Molecular dynamic simulations were run using either the crystal structure of Th. thermophilus PheRS [PDB ID: 1JJC] [32] or S. aureus PheRS previously published homology model [34]. PDB files were first optimised using protein preparation wizard in Maestro [49] version 11.8.012 by assigning bond orders, adding hydrogen, and correcting incorrect bond types. A default quick relaxation protocol was used to minimise the MD systems with the Desmond programme [49]. In Desmond, the volume of space in which the simulation takes place, the global cell, is built up by regular 3D simulation boxes, which was utilised as part of this system for protein interactions. The simulation system was generated by embedding the protein model in an orthorhombic 10 Å water box. Overlapping water molecules were deleted. The solvated system was neutralised by adding sodium ions and salt concentration 0.15 M. Force-field parameters for the complexes were assigned using the OPLS_2005 forcefield, that is, a 200 ns molecular dynamic run in the NPT ensemble (T = 300 K) at a constant pressure of 1 bar. Energy and trajectory atomic coordinate data were recorded at each 1.2 ns.

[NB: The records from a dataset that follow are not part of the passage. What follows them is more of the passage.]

(* Let $d,p\in\mathbb N$, let $\mathcal X$ be a bounded, nonempty, Borel subset of $\mathbb R^d$ and $P_X$ a Borel probability distribution on $\mathcal X$. For $a\ge0$ let $k_{p,a}(x,y)=(x^\top y+a)^p$. Then there exists $C(p,d,P_X)>0$, depending only on $p$, $d$ and $P_X$, such that for all $a\ge0$ and $\gamma>0$, the quantity $H_\gamma$ associated with $k_{p,a}$ and $P_X$ satisfies $H_\gamma\le C(p,d,P_X)$.
   Context: For a kernel $k$ with a decomposition $k(x,y)=\sum_{r\in\mathcal R}\nu_re_r(x)e_r(y)$ where the $\nu_r>0$ are the (positive) eigenvalues of the integral operator $f\mapsto\int k(x,\cdot)f(x)\,dP_X(x)$ on $L_2(P_X)$ and $(e_r)$ are corresponding $L_2(P_X)$-orthonormal eigenfunctions, define for $\gamma>0$: $a_r=1/(1+\gamma/\nu_r)$ and $H_\gamma=\sup_{x\in\mathcal X}\sum_{r\in\mathcal R}a_re_r(x)^2$ (this does not depend on the choice of orthonormal eigenfunctions). *)

From HB Require Import structures.
From mathcomp Require Import all_boot all_order all_algebra.
From mathcomp Require Import all_classical all_reals all_analysis.
Set Implicit Arguments. Unset Strict Implicit. Unset Printing Implicit Defensive.
Import Order.TTheory GRing.Theory Num.Theory.
Import numFieldNormedType.Exports.
Local Open Scope classical_set_scope.
Local Open Scope ring_scope.

Definition Rd (R : realType) (d : nat) :=
  g_sigma_algebraType (@open 'rV[R]_d).

Definition dotp (R : realType) (d : nat) (x y : 'rV[R]_d) : R :=
  \sum_(i < d) x ord0 i * y ord0 i.

Definition kpoly (R : realType) (d p : nat) (a : R) (x y : 'rV[R]_d) : R :=
  (dotp x y + a) ^+ p.

(* (nu_r, e_r)_{r in I} is a decomposition of the kernel k as in the context:
   the nu_r > 0 are eigenvalues of the integral operator
   f |-> \int k(x,.) f(x) dP(x) on L_2(P) (P concentrated on X),
   the e_r are corresponding L_2(P)-orthonormal eigenfunctions, and
   k(x,y) = \sum_r nu_r e_r(x) e_r(y) on X x X. *)
Definition kernel_decomposition (R : realType) (d : nat) (X : set (Rd R d))
    (P : probability (Rd R d) R) (k : Rd R d -> Rd R d -> R)
    (I : finType) (nu : I -> R) (e : I -> Rd R d -> R) : Prop :=
  (forall r, 0 < nu r) /\
  (forall r, measurable_fun X (e r)) /\
  (forall r, P.-integrable X (fun x => ((e r x) ^+ 2)%:E)) /\
      (forall r s, (\int[P]_(x in X) (e r x * e s x)%:E)%E
                     = ((r == s)%:R)%:E) /\
      (forall r y, X y ->
         (\int[P]_(x in X) (k x y * e r x)%:E)%E = (nu r * e r y)%:E) /\
      (forall x y, X x -> X y -> k x y = \sum_(r : I) nu r * e r x * e r y).

Definition a_coef (R : realType) (I : Type) (nu : I -> R) (gamma : R) (r : I) : R :=
  1 / (1 + gamma / nu r).

Definition H_gamma (R : realType) (d : nat) (X : set (Rd R d))
    (I : finType) (nu : I -> R) (e : I -> Rd R d -> R) (gamma : R) : \bar R :=
  ereal_sup [set (\sum_(r : I) a_coef nu gamma r * (e r x) ^+ 2)%:E | x in X].
(* Let $m,a\in\mathbb N$ and let $\mathfrak o$ be a compact discrete valuation ring. Let $V^*_{m,a}(\mathfrak o)$ be the $\mathfrak o$-representation of the dual star quiver $\mathsf S^*_a$ in which every vertex is represented by $\mathfrak o^m$ and every arrow by the identity map. Then $$\zeta_{V^*_{m,a}(\mathfrak o)}(s)=\zeta_{\mathfrak o^m}(as)\,\zeta_{\mathfrak o^m}(s)^{a-1}.$$
   Context: The dual star quiver $\mathsf S^*_a$ has vertices $v_1,\dots,v_a$ and arrows $v_j\to v_1$ for $j=2,\dots,a$. Subrepresentations of a representation $(\mathcal L_\iota,f_\phi)$ are tuples of submodules $\Lambda_\iota\le\mathcal L_\iota$ with $f_\phi(\Lambda_{\mathrm{tail}(\phi)})\subseteq\Lambda_{\mathrm{head}(\phi)}$, and $\zeta_V(s)=\sum_{V'}\prod_\iota|\mathcal L_\iota:\Lambda_\iota|^{-s}$ over finite-index subrepresentations. $\zeta_{\mathfrak o^m}(s)=\sum_{U}|\mathfrak o^m:U|^{-s}$ sums over all $\mathfrak o$-submodules $U$ of finite index in $\mathfrak o^m$. *)

From HB Require Import structures.
From mathcomp Require Import all_boot all_order all_algebra.
From mathcomp Require Import boolp classical_sets reals constructive_ereal ereal esum exp.
Set Implicit Arguments. Unset Strict Implicit. Unset Printing Implicit Defensive.
Import Order.TTheory GRing.Theory Num.Theory.
Local Open Scope ring_scope.
Local Open Scope classical_set_scope.

Definition dvdr {R : comRingType} (x y : R) : Prop := exists c, y = c * x.

(* pi is a uniformizer: R is a DVR with maximal ideal (pi) *)
Definition is_uniformizer (R : idomainType) (pi : R) : Prop :=
  [/\ pi != 0, pi \isn't a GRing.unit &
      forall x : R, x != 0 -> exists (u : R) (n : nat),
        u \is a GRing.unit /\ x = u * pi ^+ n].

Definition adic_open (R : idomainType) (pi : R) (U : set R) : Prop :=
  forall x, U x -> exists n : nat, forall y, dvdr (pi ^+ n) (y - x) -> U y.

Definition adic_compact (R : idomainType) (pi : R) : Prop :=
  forall (I : Type) (U : I -> set R),
    (forall i, adic_open pi (U i)) -> (forall x, exists i, U i x) ->
    exists (n : nat) (f : 'I_n -> I), forall x, exists j, U (f j) x.
(* Extension step of the supersaturation, by the power-mean inequality:
   if a fraction c of rooted placements maps the box of B, then a
   fraction c^m maps the box of p |: B. *)
Lemma box_count_add_part (c : R) : 0 <= c ->
  c * rooted_count <= box_count B -> c ^+ m * rooted_count <= box_count (p |: B).
Proof.
move=> c_ge0 B_count.
have m_gt0 : (0 < m)%N := leq_ltn_trans (leq0n z) (ltn_ord z).
pose y C : R := #|extensions C|%:R.
pose rooted_set := [pred C : placement | rooted C].
have sum_rooted : \sum_(C : placement) y C = \sum_(C in rooted_set) y C.
  rewrite [RHS]big_mkcond; apply: eq_bigr => C _ /=.
  by case: ifP => // /negbT /extensions_unrooted; rewrite /y => ->; rewrite cards0.
have sum_pow_rooted : \sum_(C in rooted_set) y C ^+ m <= \sum_(C : placement) y C ^+ m.
  rewrite [X in _ <= X](bigID (mem rooted_set)) /= lerDl.
  by rewrite sumr_ge0 // => C _; rewrite exprn_ge0.
have hoelder := power_mean_sum rooted_set m.-1 (fun C => ler0n _ _ : 0 <= y C).
have card_rooted : #|rooted_set|%:R = rooted_count by rewrite card_indicator.
rewrite prednK // -sum_rooted -box_count_extensions card_rooted in hoelder.
have [P_eq0|P_neq0] := eqVneq rooted_count 0; first by rewrite P_eq0 mulr0 box_count_ge0.
have P_gt0 : 0 < rooted_count by rewrite lt0r P_neq0 rooted_count_ge0.
have nP_gt0 : 0 < n%:R ^+ m * rooted_count ^+ m.-1.
  by rewrite mulr_gt0 ?exprn_gt0 ?ltr0n ?n_gt0.
rewrite -(ler_pM2l nP_gt0); apply: (@le_trans _ _ ((n%:R * box_count B) ^+ m)).
  rewrite exprMn -mulrA ler_wpM2l ?exprn_ge0 ?ler0n //.
  have -> : rooted_count ^+ m.-1 * (c ^+ m * rooted_count) = (c * rooted_count) ^+ m.
    by rewrite exprMn mulrCA -exprSr prednK.
  by apply: lerXn2r; rewrite ?nnegrE ?mulr_ge0 ?rooted_count_ge0 ?box_count_ge0.
apply: le_trans hoelder _.
rewrite -mulrA mulrCA ler_wpM2l ?exprn_ge0 ?rooted_count_ge0 //.
by rewrite -card_row box_count_add_extensions.
Qed.

End AddPart.

Lemma rooted_collisions (x y : 'I_k * 'I_m) : x != y ->
  n%:R * \sum_(g : placement) (rooted g && (g x == g y))%:R = rooted_count.
Proof.
wlog x_root : x y / x != (i0, z) => [gen xy|xy].
  have [x_eq|x_root] := eqVneq x (i0, z); last exact: gen x_root xy.
  rewrite -(gen y x) 1?eq_sym -?x_eq //.
  by congr (_ * _); apply: eq_bigr => g _; rewrite eq_sym.
have -> : n%:R * \sum_(g : placement) (rooted g && (g x == g y))%:R
    = #|'I_n|%:R * \sum_(g : placement) (rooted g && (g x == g y))%:R :> R.
  by rewrite card_ord.
rewrite -(sum_ffun_upd x) /rooted_count; apply: eq_bigr => g _.
rewrite /rooted; under eq_bigr => t _ do
  rewrite !ffunE eqxx [y == x]eq_sym (negbTE xy) [_ == x]eq_sym (negbTE x_root).
by case: (g (i0, z) == j0); rewrite ?sum_indicator_pred1 // big1.
Qed.

Lemma maps_box_collision g :
  (maps_box setT g)%:R <= (maps_box setT g && injectiveb g)%:R
    + \sum_x \sum_y ((x != y) && rooted g && (g x == g y))%:R :> R.
Proof.
have sums_ge0 : 0 <= \sum_x \sum_y ((x != y) && rooted g && (g x == g y))%:R :> R.
  by do 2!(apply: sumr_ge0 => ? _); exact: ler0n.
have [g_maps|] := boolP (maps_box setT g); last by rewrite add0r.
have [//|/injectivePn[x [y xy gxy]]] := boolP (injectiveb g); first by rewrite lerDl.
rewrite add0r (bigD1 x) //= (bigD1 y) //= xy gxy eqxx.
move: g_maps => /andP[-> _] /=; rewrite -addrA lerDl.
by apply: addr_ge0; do ![apply: sumr_ge0 => ? _ | exact: ler0n].
Qed.

Lemma box_count_injective :
  box_count setT <= \sum_(g : placement) (maps_box setT g && injectiveb g)%:R
                    + (k * m)%:R ^+ 2 * rooted_count / n%:R.
Proof.
apply: le_trans (ler_sum _ (fun g _ => maps_box_collision g)) _.
rewrite big_split /= lerD2l exchange_big /=.
under eq_bigr => x _ do rewrite exchange_big /=.
have collisions_xy x y :
    \sum_(g : placement) ((x != y) && rooted g && (g x == g y))%:R
      <= rooted_count / n%:R.
  have n_pos : 0 < n%:R :> R by rewrite ltr0n n_gt0.
  have [->|xy] := eqVneq x y.
    by rewrite big1 ?divr_ge0 ?rooted_count_ge0 ?ler0n // => g _; rewrite eqxx.
  under eq_bigr => g _ do rewrite /=.
  by rewrite ler_pdivlMr // mulrC rooted_collisions.
apply: le_trans (ler_sum _ (fun x _ => ler_sum _ (fun y _ => collisions_xy x y))) _.
rewrite !sumr_const card_prod !card_ord -mulrnA -[_ *+ _]mulr_natl.
by rewrite natrM -expr2 mulrA.
Qed.

Section Copies.
Variable EF : {set {set 'I_k * 'I_m}}.
Hypothesis EF_kpk : kpk_graph EF.

Definition copy_of (g : placement) : {set 'I_k * 'I_n} * {set {set 'I_k * 'I_n}} :=
  let f := fun x : 'I_k * 'I_m => (x.1, g x) in
  (f @: setT, [set f @: (e : {set 'I_k * 'I_m}) | e in EF]).

(* An injective placement mapping the full box is a copy of F through v,
   since every edge of F is a transversal of K. *)
Lemma copy_of_mem g : maps_box setT g -> injectiveb g ->
  copy_of g \in copies_at EF EH (i0, j0).
Proof.
move=> /andP[g_root /forallP g_maps] /injectiveP g_inj.
rewrite inE; apply/andP; split.
  2: by apply/imsetP; exists (i0, z); rewrite // (eqP g_root).
apply/existsP; exists [ffun x => (x.1, g x)].
apply/and4P; split.
- by apply/injectiveP => x y; rewrite !ffunE => -[_ /g_inj].
- by apply/eqP; apply: eq_imset => x; rewrite ffunE.
- by apply/eqP; apply: eq_imset => e; apply: eq_imset => x; rewrite ffunE.
apply/subsetP => _ /imsetP[e eEF ->].
have /implyP/(_ eEF)/andP[e_legal /eqP e_card] := forallP EF_kpk e.
have [h ->] := legal_edge_transversal e_legal e_card.
have := g_maps h; rewrite in_boxT /=.
rewrite /image_transversal /transversal_of -imset_comp.
by congr (_ \in EH); apply: eq_imset.
Qed.
Lemma mfold_catl a b R c : mfold (Some b) R = Some c ->
  mfold (Some (a ++ b)) [seq dot a ++ x | x <- R] = Some (a ++ c).
Proof.
elim: R c => [|x R IH] c; first by case=> <-.
rewrite map_cons !mfold_cons; case E: (mfold _ R) => [c'|] //= Ex.
by rewrite (IH c' E) /= wmatch_cat ?size_dot // wmatch_dotl // Ex.
Qed.

Lemma mfold_cat_split (P1 P2 : lang Sigma) y1 y2 R w :
  (forall z, z \in R ->
     (exists2 x, P1 x & z = x ++ dot y2) \/ (exists2 x, P2 x & z = dot y1 ++ x)) ->
  mfold (Some (y1 ++ y2)) R = Some w -> lconcat (matched P1 y1) (matched P2 y2) w.
Proof.
elim: R w => [|z R IH] w RP.
  by case=> <-; exists y1, y2; split; [|split]; [exists [::] | exists [::] |].
rewrite mfold_cons; case E: (mfold _ R) => [w'|] //= Ew.
have [|u [v [[L1 L1P Eu] [[L2 L2P Ev] Ew']]]] := IH w' _ E.
  by move=> x Rx; apply: RP; rewrite inE Rx orbT.
subst w'; have du := mfold_dot Eu; have dv := mfold_dot Ev.
case: (RP z (mem_head _ _)) => -[x Px Ez]; subst z.
- have sxu : size x = size u.
    have sv : size v = size y2 by rewrite -size_dot dv size_dot.
    by move: (wmatch_size Ew); rewrite !size_cat size_dot sv => /addIn.
  move: Ew; rewrite wmatch_cat // -dv wmatch_dotl //.
  case Exu: (wmatch x u) => [u'|] //= [<-].
  exists u', v; split; last split=> //; last by exists L2.
  exists (x :: L1); last by rewrite mfold_cons Eu.
  by move=> z; rewrite inE => /predU1P [->|/L1P].
- have syu : size (dot y1) = size u by rewrite -du size_dot.
  move: Ew; rewrite (wmatch_cat _ _ syu) -du wmatch_dotl //.
  case Exv: (wmatch x v) => [v'|] //= [<-].
  exists u, v'; split; first by exists L1.
  split=> //; exists (x :: L2); last by rewrite mfold_cons Ev.
  by move=> z; rewrite inE => /predU1P [->|/L2P].
Qed.
Lemma iter_Kop_rademacher j : iter j (@Kop R) (rademacher 0) = rademacher j.
Proof. by elim: j => //= j ->. Qed.

Lemma measurable_rademacher j : measurable_fun setT (rademacher j).
Proof.
rewrite -iter_Kop_rademacher; apply: measurable_iter_Kop.
apply: measurable_fun_ifT => //; apply: (measurable_fun_bool true).
have -> : setT `&` (fun x : Omega => x 0%N) @^-1` [set true] = cyl 1 (fun _ => true).
  by apply/seteqP; split => x /= => [[_ x0] [|i]|x0] //; split => //; exact: x0.
exact: measurable_cyl.
Qed.

Lemma Lop_rademacher0 : Lop (rademacher 0) = cst 0.
Proof. by apply: funext => x; rewrite /Lop /rademacher /=; field. Qed.

Lemma Lop_rademacherS j : Lop (rademacher j.+1) = rademacher j.
Proof. by apply: funext => x; rewrite /Lop /rademacher /=; field. Qed.

Lemma iter_Lop_rademacher j : iter j (@Lop R) (rademacher j) = rademacher 0.
Proof. by elim: j => // j IH; rewrite iterSr Lop_rademacherS. Qed.

Lemma KnLn_rademacher j : KnLn j (rademacher j) = rademacher j.
Proof. by rewrite /KnLn iter_Lop_rademacher iter_Kop_rademacher. Qed.

Lemma KnLnS_rademacher j : KnLn j.+1 (rademacher j) = cst 0.
Proof. by rewrite /KnLn /= iter_Lop_rademacher Lop_rademacher0 iter_Kop_cst0. Qed.

Lemma commD_KnLn_rademacher k :
  commD (KnLn k.+1) (cst 0, rademacher k) = (\- rademacher k.+1, cst 0).
Proof.
rewrite /commD /= KnLnS_rademacher KnLn_rademacher Lop_cst0 KnLn_cst0 Lop_cst0.
congr (_, _); apply/funext => x; rewrite /Algebra.sub_fun /=.
- by rewrite /Algebra.opp_fun /Kop sub0r.
- by rewrite subrr.
Qed.

End rademacher.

Binding affinity (ΔG) calculations was performed using Prime/MMGBAS, available in the Schrödinger Prime suite, to calculate the binding free energy of 8b complexed with the S. aureus homology model.
ΔG (bind) = E_complex (minimised)-(E_ligand (minimised) + E_receptor (minimised)).
The mean ΔG (bind) was calculated from each frame starting from the last 100 ns to the final frame of the MD simulation.
Microbiological evaluation
Compounds 5a-d, 6a-c, 8a-d and 9a-c were evaluated using the guidelines of ISO20776 (the International Organization of Standardization) broth microdilution method using Muller-Hinton broth and concentration range of 0.008—128 μg/mL [50]. The MIC values were determined against S. aureus (ATCC 29,213), E. faecalis (ATCC 29,212), P. aeruginosa (ATCC 29,853), E. coli (ATCC 25,922) and Klebsiella pneumoniae (ATCC 700,603) using ciprofloxacin as a reference drug. The tests were performed in microdilution trays and the amount of growth in each well was compared with that in the positive growth control, and the recorded MIC is the lowest concentration of the agent that completely inhibits visible growth.